Extracted data entries:
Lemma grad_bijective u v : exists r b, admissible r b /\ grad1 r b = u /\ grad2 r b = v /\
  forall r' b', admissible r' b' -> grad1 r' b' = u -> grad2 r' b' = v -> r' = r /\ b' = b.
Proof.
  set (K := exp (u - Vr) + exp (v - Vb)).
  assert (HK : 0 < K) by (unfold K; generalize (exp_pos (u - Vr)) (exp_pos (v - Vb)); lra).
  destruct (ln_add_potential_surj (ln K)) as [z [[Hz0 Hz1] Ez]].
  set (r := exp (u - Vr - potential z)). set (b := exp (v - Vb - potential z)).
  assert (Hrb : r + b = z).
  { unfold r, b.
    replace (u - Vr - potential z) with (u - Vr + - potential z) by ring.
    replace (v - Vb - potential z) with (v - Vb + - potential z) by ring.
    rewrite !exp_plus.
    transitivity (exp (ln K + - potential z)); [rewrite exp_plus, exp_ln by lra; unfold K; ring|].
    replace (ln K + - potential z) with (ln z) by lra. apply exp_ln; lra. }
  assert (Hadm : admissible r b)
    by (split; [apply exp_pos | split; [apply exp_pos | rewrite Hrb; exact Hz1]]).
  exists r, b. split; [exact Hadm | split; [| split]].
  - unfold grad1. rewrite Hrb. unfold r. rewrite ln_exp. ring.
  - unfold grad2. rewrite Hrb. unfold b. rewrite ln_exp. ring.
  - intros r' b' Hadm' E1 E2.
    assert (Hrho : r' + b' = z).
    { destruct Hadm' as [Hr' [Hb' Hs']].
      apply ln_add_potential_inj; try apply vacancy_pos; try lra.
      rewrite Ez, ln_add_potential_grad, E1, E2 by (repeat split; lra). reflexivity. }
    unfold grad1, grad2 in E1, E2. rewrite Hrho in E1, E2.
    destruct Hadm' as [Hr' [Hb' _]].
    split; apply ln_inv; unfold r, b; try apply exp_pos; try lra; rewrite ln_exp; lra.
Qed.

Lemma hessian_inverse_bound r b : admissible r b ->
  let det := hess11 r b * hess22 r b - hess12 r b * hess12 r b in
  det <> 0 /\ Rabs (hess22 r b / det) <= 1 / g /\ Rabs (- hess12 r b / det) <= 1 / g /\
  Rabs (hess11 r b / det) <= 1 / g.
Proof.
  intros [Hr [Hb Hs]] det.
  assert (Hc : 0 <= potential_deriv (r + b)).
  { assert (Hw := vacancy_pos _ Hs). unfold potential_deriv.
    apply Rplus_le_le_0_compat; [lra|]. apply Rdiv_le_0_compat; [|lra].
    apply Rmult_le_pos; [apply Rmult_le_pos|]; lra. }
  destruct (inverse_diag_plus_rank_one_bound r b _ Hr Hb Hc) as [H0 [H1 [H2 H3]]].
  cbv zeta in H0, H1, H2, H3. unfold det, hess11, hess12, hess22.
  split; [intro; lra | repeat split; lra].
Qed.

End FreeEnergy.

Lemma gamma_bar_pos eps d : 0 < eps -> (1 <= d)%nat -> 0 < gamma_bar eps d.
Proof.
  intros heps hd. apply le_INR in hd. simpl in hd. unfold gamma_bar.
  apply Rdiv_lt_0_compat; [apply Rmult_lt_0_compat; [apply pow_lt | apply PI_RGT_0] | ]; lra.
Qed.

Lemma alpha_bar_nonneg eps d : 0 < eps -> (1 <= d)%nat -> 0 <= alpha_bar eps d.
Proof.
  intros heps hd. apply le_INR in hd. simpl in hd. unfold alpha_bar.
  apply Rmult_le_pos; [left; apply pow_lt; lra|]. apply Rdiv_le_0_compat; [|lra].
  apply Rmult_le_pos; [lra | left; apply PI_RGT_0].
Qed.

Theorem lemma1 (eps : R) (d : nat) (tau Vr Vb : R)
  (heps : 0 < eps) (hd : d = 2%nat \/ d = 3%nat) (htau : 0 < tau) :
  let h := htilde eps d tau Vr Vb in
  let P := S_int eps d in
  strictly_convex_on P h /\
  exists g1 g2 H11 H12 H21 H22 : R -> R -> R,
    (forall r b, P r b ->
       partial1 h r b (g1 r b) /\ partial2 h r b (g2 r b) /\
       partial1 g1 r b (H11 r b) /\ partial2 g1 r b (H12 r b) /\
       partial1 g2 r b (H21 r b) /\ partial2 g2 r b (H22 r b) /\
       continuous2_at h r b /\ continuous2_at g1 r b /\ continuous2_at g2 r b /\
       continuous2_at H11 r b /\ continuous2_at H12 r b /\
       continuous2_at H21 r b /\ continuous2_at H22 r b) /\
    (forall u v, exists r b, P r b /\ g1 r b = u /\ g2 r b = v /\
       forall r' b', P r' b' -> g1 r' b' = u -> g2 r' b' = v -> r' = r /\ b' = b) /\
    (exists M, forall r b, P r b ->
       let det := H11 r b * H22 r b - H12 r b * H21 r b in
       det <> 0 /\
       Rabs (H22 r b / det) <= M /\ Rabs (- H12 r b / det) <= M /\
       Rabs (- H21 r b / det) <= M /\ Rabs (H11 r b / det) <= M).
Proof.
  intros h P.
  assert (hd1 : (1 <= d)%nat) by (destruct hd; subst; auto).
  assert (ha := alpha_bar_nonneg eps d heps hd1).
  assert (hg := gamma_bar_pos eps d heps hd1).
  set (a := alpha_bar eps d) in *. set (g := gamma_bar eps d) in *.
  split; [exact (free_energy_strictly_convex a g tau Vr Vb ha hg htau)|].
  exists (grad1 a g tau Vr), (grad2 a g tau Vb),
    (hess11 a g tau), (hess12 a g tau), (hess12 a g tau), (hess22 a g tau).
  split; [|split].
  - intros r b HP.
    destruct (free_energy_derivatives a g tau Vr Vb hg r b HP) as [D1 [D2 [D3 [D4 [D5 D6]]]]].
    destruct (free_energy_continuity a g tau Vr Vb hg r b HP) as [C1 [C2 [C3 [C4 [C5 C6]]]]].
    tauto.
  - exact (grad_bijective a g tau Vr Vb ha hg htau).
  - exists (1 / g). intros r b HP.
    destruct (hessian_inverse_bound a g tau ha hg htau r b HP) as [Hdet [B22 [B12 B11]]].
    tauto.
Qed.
---
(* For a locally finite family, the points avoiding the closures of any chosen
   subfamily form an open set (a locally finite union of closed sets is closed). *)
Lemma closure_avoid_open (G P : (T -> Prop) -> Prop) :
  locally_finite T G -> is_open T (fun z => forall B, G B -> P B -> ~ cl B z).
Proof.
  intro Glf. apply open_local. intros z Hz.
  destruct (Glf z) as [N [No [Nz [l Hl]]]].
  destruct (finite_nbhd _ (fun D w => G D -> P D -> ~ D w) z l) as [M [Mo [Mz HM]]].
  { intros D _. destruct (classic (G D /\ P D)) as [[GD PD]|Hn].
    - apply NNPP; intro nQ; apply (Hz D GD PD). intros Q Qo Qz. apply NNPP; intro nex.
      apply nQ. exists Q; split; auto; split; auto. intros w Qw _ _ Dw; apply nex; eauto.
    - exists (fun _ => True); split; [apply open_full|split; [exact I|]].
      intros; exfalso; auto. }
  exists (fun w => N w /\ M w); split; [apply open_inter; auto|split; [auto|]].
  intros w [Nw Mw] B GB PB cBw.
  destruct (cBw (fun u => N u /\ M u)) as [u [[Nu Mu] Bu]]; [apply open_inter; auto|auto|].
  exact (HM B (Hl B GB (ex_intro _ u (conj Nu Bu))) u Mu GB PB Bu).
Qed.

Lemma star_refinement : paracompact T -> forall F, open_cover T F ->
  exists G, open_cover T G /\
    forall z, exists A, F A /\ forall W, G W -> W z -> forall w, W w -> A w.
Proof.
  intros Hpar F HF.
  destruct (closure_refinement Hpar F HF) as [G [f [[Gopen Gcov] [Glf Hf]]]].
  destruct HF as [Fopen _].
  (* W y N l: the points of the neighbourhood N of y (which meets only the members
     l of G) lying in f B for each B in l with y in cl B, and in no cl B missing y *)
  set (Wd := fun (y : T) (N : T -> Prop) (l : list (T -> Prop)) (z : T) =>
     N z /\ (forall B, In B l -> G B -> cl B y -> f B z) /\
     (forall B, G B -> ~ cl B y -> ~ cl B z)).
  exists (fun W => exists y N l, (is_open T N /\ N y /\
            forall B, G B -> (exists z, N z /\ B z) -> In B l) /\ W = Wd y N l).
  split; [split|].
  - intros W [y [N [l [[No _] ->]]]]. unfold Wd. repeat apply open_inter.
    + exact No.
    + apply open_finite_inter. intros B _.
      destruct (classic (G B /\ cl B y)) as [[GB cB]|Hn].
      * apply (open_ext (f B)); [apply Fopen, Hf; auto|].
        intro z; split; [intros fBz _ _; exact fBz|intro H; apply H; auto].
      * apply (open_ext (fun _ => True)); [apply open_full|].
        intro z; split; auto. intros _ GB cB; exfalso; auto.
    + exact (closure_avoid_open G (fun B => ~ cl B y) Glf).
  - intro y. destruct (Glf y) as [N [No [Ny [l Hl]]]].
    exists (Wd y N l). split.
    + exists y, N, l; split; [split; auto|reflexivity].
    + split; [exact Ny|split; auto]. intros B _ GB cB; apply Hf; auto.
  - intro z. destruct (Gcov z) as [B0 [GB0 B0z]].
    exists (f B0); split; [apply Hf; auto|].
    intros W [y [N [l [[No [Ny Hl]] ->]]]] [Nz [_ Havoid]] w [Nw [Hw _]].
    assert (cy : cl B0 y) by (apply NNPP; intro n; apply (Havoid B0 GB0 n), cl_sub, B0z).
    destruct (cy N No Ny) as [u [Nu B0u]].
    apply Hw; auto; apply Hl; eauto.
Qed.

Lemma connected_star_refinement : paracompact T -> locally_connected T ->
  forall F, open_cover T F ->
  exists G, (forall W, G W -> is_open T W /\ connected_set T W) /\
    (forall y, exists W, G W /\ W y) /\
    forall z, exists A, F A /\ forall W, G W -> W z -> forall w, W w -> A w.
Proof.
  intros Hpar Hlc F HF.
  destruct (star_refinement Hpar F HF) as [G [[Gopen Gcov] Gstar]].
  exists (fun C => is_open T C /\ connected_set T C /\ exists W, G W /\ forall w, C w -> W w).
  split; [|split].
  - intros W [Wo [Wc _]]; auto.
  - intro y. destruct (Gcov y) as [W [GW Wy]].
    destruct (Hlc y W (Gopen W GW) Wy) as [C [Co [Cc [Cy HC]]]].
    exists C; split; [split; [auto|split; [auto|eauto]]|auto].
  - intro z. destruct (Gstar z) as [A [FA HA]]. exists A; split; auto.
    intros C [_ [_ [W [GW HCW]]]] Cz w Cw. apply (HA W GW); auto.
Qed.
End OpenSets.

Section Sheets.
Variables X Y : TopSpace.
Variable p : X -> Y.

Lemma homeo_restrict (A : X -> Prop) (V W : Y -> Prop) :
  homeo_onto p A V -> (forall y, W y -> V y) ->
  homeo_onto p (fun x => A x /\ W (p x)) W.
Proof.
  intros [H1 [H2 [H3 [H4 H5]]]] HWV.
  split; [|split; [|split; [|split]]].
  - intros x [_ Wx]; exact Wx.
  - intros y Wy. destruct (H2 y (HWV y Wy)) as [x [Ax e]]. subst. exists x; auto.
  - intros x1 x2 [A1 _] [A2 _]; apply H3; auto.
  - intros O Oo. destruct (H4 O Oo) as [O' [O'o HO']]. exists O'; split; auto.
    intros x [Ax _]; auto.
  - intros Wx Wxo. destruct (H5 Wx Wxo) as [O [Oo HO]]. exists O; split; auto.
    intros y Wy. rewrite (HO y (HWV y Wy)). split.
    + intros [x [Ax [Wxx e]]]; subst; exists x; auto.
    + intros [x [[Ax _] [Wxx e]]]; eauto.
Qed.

> **Aim of the exercise**
Your answer should consist of the lines from the line with "subfamily form an" to the line with "destruct (Glf z) as [N [No [Nz [l Hl]]]]." above, repeated exactly, both ends included.

> **Solution**
   subfamily form an open set (a locally finite union of closed sets is closed). *)
Lemma closure_avoid_open (G P : (T -> Prop) -> Prop) :
  locally_finite T G -> is_open T (fun z => forall B, G B -> P B -> ~ cl B z).
Proof.
  intro Glf. apply open_local. intros z Hz.
  destruct (Glf z) as [N [No [Nz [l Hl]]]].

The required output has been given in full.